-- Exercise directions --
Write out each line of the records that has "From" in it.

-- Supplied records --

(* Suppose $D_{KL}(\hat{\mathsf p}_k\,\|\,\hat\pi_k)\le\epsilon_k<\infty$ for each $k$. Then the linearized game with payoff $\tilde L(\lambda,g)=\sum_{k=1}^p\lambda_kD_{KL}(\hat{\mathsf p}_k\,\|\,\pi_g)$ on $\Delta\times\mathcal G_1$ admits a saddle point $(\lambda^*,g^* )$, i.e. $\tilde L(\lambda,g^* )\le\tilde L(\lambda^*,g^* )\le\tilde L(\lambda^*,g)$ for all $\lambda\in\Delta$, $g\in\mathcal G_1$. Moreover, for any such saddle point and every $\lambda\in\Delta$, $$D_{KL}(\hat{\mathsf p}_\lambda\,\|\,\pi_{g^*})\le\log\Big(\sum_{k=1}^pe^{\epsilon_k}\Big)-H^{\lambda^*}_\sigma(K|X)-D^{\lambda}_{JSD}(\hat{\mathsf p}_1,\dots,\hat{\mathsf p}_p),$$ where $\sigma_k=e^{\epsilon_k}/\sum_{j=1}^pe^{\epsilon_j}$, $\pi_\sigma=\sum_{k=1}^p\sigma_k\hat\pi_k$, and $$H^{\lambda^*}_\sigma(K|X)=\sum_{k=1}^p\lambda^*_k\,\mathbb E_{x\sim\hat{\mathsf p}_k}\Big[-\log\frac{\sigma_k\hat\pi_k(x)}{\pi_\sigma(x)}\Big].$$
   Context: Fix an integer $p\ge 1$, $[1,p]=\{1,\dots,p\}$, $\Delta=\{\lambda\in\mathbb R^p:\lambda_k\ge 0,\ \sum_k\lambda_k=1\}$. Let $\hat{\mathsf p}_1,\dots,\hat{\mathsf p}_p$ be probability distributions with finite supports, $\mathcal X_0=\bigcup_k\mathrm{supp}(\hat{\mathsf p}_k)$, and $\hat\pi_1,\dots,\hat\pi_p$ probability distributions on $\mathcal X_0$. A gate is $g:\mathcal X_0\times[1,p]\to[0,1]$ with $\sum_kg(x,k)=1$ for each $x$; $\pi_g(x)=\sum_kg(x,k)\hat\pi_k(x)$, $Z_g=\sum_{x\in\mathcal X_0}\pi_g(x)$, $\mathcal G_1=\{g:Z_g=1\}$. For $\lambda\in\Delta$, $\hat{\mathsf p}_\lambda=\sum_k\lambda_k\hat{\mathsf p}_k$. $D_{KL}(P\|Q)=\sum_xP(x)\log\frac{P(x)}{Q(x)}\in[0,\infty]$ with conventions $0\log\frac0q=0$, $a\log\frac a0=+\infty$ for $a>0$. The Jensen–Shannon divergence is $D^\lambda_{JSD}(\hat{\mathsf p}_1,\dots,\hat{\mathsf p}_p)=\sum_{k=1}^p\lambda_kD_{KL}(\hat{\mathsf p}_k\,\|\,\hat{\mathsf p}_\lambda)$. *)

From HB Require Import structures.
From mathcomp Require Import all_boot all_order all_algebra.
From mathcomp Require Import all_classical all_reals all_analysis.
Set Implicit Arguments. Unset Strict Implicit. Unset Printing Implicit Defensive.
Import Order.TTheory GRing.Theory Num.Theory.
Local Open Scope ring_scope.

-- Completed task --
From HB Require Import structures.
From mathcomp Require Import all_boot all_order all_algebra.
From mathcomp Require Import all_classical all_reals all_analysis.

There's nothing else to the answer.